Foxconn Planning U.S. Plant For Making Displays

Foxconn, the largest contract electronics maker in the world and a major supplier for Apple Inc. is planning an investment of over $10 billion in a factory that will make displays. The plant will be in the U.S. and next month Foxconn will announce its location.

The company, which is based in Taiwan, has looked at investing in the United States for quite a while and Terry Gou, its CEO, has said on previous occasions that the company had hoped to spend more than $7 billion to construct and equip a display making factory in the country.

The U.S. does not have a single panel-making plant in the country, but is the second largest market worldwide for televisions.

Foxconn, known formally as Hon Hai Precision Industry, currently is considering Ohio, Michigan, Wisconsin, North Carolina and Pennsylvania as possible locations for its plant, Gou said to reporters following the annual meeting of company shareholders on Thursday.

Gou said that during July the company would decide where it will build its plant adding that the company would be investing the money over a period of five years.

The company operates a number of factories across China, where it had over 1 million employees and makes the majority of iPhones for Apple, but to date has not invested in manufacturing in the U.S.

Gou told company shareholders during the meeting that it was time to go to the U.S. and not only to build a plant, but to move the full supply chain, but did not provide any further specific details.

While its new plant would create new jobs, Gout said it would not have the number of employees as the company’s factories do in China, as the cost of U.S. labor is far higher and the plant use a great deal of automation that it will rely upon.
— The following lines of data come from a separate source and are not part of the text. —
(* Closes a linear identity in Z[gamma], treating the coordinates of the
   gamma^-i and of val as unknowns. *)
Ltac zg_linear := apply Zg_ext; cbn [fst snd Zg_add Zg0]; lia.

(* gamma^-i = gamma^-(i+1) + gamma^-(i+2), i.e. gamma^2 = gamma + 1. *)
Lemma ginv_pow_rec (i : nat) : ginv_pow i = Zg_add (ginv_pow (S i)) (ginv_pow (S (S i))).
Proof. simpl. destruct (ginv_pow i) as [a b]. zg_linear. Qed.

Lemma val_cons (i : nat) (l : list nat) : val (i :: l) = Zg_add (ginv_pow i) (val l).
Proof. reflexivity. Qed.

Lemma val_app (l m : list nat) : val (l ++ m) = Zg_add (val l) (val m).
Proof.
  induction l as [|i l IH]; [rewrite app_nil_l | rewrite <- app_comm_cons, !val_cons, IH];
    simpl val; zg_linear.
Qed.

Lemma val_perm (l m : list nat) : Permutation l m -> val l = val m.
Proof. induction 1; rewrite ?val_cons; try congruence. zg_linear. Qed.

(** * Replacing the extreme pair of a representation *)

(* Pair at odd distance 2j+3: gamma^-a + gamma^-(a+2j+3) equals the sum over
   [a+1; a+3; ...; a+2j+1; a+2j+1], a list of j+2 indices whose cost is that
   of the pair minus 2 h(a). *)
Lemma odd_gap_move (j a : nat) : exists m,
  length m = (j + 2)%nat /\
  val m = Zg_add (ginv_pow a) (ginv_pow (a + 2 * j + 3)) /\
  forall h, fib_like h -> dsum h m + h (Z.of_nat a) = h (Z.of_nat (a + 2 * j + 3)).
Proof.
  revert a. induction j as [|j IH]; intro a.
  - exists [S a; S a]. split; [reflexivity|]. split.
    + replace (a + 2 * 0 + 3)%nat with (S (S (S a))) by lia.
      rewrite !val_cons, (ginv_pow_rec a), (ginv_pow_rec (S a)). simpl val. zg_linear.
    + intros h Hh. cbn [dsum fold_right].
      pose proof (Hh (Z.of_nat a)). pose proof (Hh (Z.of_nat a + 1)).
      replace (Z.of_nat (a + 2 * 0 + 3)) with (Z.of_nat a + 1 + 2) by lia.
      replace (Z.of_nat a + 1 + 1) with (Z.of_nat a + 2) in * by lia.
      replace (Z.of_nat (S a)) with (Z.of_nat a + 1) by lia. lia.
  - destruct (IH (S (S a))) as [m [Hlen [Hval Hcost]]].
    replace (S (S a) + 2 * j + 3)%nat with (a + 2 * S j + 3)%nat in * by lia.
    exists (S a :: m). split; [simpl; lia|]. split.
    + rewrite val_cons, Hval, (ginv_pow_rec a). zg_linear.
    + intros h Hh. specialize (Hcost h Hh). pose proof (Hh (Z.of_nat a)). rewrite dsum_cons.
      replace (Z.of_nat (S (S a))) with (Z.of_nat a + 2) in Hcost by lia.
      replace (Z.of_nat (S a)) with (Z.of_nat a + 1) by lia. lia.
Qed.

(* Even k = 2j+4 uses gamma^-a = gamma^-(a+1) + gamma^-(a+2) and the odd move
   on (a+1, a+k), keeping the cost unchanged. *)
Lemma gap_move (a k : nat) : (3 <= k)%nat -> exists m,
  val m = Zg_add (ginv_pow a) (ginv_pow (a + k)) /\
  (forall h, fib_like h -> 0 <= h (Z.of_nat a) ->
     dsum h m <= h (Z.of_nat a) + h (Z.of_nat (a + k))) /\
  ((3 <= length m)%nat \/
   (length m = 2%nat /\ forall h, fib_like h ->
      dsum h m + 2 * h (Z.of_nat a) = h (Z.of_nat a) + h (Z.of_nat (a + k)))).
Proof.
  intro Hk. destruct (Nat.Even_or_Odd k) as [[j Hj] | [j Hj]].
  - destruct (odd_gap_move (j - 2) (S a)) as [m [Hlen [Hval Hcost]]].
    replace (S a + 2 * (j - 2) + 3)%nat with (a + k)%nat in * by lia.
    exists (S (S a) :: m). split; [|split].
    + rewrite val_cons, Hval, (ginv_pow_rec a). zg_linear.
    + intros h Hh _. specialize (Hcost h Hh). pose proof (Hh (Z.of_nat a)). rewrite dsum_cons.
      replace (Z.of_nat (S (S a))) with (Z.of_nat a + 2) by lia.
      replace (Z.of_nat (S a)) with (Z.of_nat a + 1) in Hcost by lia. lia.
    + left. simpl. lia.
  - destruct (odd_gap_move (j - 1) a) as [m [Hlen [Hval Hcost]]].
    replace (a + 2 * (j - 1) + 3)%nat with (a + k)%nat in * by lia.
    exists m. split; [exact Hval | split].
    + intros h Hh Ha. specialize (Hcost h Hh). lia.
    + destruct (Nat.eq_dec j 1) as [-> | Hj1]; [right | left; lia].
      split; [exact Hlen | intros h Hh; specialize (Hcost h Hh); lia].
Qed.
President Donald Trump called for companies to invest and build more in the U.S. He had said on several occasions since he was elected last November how important it for both domestic and foreign manufacturers to build in the country which builds on his campaign pledge of creating and preserving jobs in the U.S.

CEO at Foxconn’s Sharp Corp in Japan Tai Jeng-wu said that six states in the U.S. were being considered for a possible building site for the plant to make displays.

Foxconn already has an operation in Pennsylvania.